Among the entries below, please repeat exactly and only the lines from the line containing "((u = a /\ v = b) \/ (u = b /\ v = a))." to the line containing "Definition isomorphic (G", both lines included.

[Stored items]
+ + + +
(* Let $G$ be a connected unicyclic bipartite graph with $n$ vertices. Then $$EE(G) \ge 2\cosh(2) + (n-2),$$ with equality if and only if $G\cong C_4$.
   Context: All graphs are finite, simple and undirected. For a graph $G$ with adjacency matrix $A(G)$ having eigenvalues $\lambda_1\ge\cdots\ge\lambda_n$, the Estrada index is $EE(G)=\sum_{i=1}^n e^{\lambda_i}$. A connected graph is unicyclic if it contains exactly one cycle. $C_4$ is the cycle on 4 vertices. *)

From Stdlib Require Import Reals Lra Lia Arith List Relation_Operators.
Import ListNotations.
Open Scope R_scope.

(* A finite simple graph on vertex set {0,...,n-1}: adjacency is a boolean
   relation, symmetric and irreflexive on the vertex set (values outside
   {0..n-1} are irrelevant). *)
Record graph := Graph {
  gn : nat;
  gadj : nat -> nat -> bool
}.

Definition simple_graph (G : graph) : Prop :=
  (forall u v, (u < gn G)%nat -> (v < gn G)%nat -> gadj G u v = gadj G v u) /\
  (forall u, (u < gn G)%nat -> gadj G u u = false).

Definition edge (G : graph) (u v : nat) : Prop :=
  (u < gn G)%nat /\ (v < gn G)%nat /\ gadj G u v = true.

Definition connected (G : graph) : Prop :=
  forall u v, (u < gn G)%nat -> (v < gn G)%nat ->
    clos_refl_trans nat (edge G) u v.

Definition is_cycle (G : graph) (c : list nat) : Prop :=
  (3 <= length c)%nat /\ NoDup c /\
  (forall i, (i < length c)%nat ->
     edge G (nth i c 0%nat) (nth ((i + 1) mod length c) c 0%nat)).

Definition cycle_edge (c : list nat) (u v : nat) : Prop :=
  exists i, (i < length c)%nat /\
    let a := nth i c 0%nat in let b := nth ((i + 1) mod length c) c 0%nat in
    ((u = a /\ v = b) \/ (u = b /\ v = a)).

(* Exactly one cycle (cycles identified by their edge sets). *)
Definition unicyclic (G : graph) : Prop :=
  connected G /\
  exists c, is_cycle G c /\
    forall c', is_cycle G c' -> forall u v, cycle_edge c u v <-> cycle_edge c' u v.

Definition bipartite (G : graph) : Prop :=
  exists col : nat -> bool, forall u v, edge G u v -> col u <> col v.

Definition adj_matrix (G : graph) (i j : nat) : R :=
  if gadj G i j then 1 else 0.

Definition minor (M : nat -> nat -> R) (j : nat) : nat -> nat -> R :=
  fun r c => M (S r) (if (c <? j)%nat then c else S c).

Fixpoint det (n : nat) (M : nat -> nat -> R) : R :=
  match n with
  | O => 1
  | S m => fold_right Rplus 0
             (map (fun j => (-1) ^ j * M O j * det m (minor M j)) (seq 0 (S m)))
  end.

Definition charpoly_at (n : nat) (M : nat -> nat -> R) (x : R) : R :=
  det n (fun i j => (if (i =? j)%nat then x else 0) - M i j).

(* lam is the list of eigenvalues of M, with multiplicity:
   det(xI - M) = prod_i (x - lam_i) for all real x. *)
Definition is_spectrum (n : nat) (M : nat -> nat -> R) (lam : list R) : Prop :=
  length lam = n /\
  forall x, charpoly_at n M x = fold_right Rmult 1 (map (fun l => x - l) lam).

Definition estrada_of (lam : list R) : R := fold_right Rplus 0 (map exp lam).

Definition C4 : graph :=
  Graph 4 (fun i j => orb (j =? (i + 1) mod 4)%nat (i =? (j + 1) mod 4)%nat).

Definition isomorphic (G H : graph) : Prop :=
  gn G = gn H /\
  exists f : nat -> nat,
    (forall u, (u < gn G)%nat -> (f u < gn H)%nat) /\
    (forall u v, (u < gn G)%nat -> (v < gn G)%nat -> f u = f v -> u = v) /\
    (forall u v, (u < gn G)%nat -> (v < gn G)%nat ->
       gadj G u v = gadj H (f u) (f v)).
+ + + +
**Solution below:**
    ((u = a /\ v = b) \/ (u = b /\ v = a)).

(* Exactly one cycle (cycles identified by their edge sets). *)
Definition unicyclic (G : graph) : Prop :=
  connected G /\
  exists c, is_cycle G c /\
    forall c', is_cycle G c' -> forall u v, cycle_edge c u v <-> cycle_edge c' u v.

Definition bipartite (G : graph) : Prop :=
  exists col : nat -> bool, forall u v, edge G u v -> col u <> col v.

Definition adj_matrix (G : graph) (i j : nat) : R :=
  if gadj G i j then 1 else 0.

Definition minor (M : nat -> nat -> R) (j : nat) : nat -> nat -> R :=
  fun r c => M (S r) (if (c <? j)%nat then c else S c).

Fixpoint det (n : nat) (M : nat -> nat -> R) : R :=
  match n with
  | O => 1
  | S m => fold_right Rplus 0
             (map (fun j => (-1) ^ j * M O j * det m (minor M j)) (seq 0 (S m)))
  end.

Definition charpoly_at (n : nat) (M : nat -> nat -> R) (x : R) : R :=
  det n (fun i j => (if (i =? j)%nat then x else 0) - M i j).

(* lam is the list of eigenvalues of M, with multiplicity:
   det(xI - M) = prod_i (x - lam_i) for all real x. *)
Definition is_spectrum (n : nat) (M : nat -> nat -> R) (lam : list R) : Prop :=
  length lam = n /\
  forall x, charpoly_at n M x = fold_right Rmult 1 (map (fun l => x - l) lam).

Definition estrada_of (lam : list R) : R := fold_right Rplus 0 (map exp lam).

Definition C4 : graph :=
  Graph 4 (fun i j => orb (j =? (i + 1) mod 4)%nat (i =? (j + 1) mod 4)%nat).

Definition isomorphic (G H : graph) : Prop :=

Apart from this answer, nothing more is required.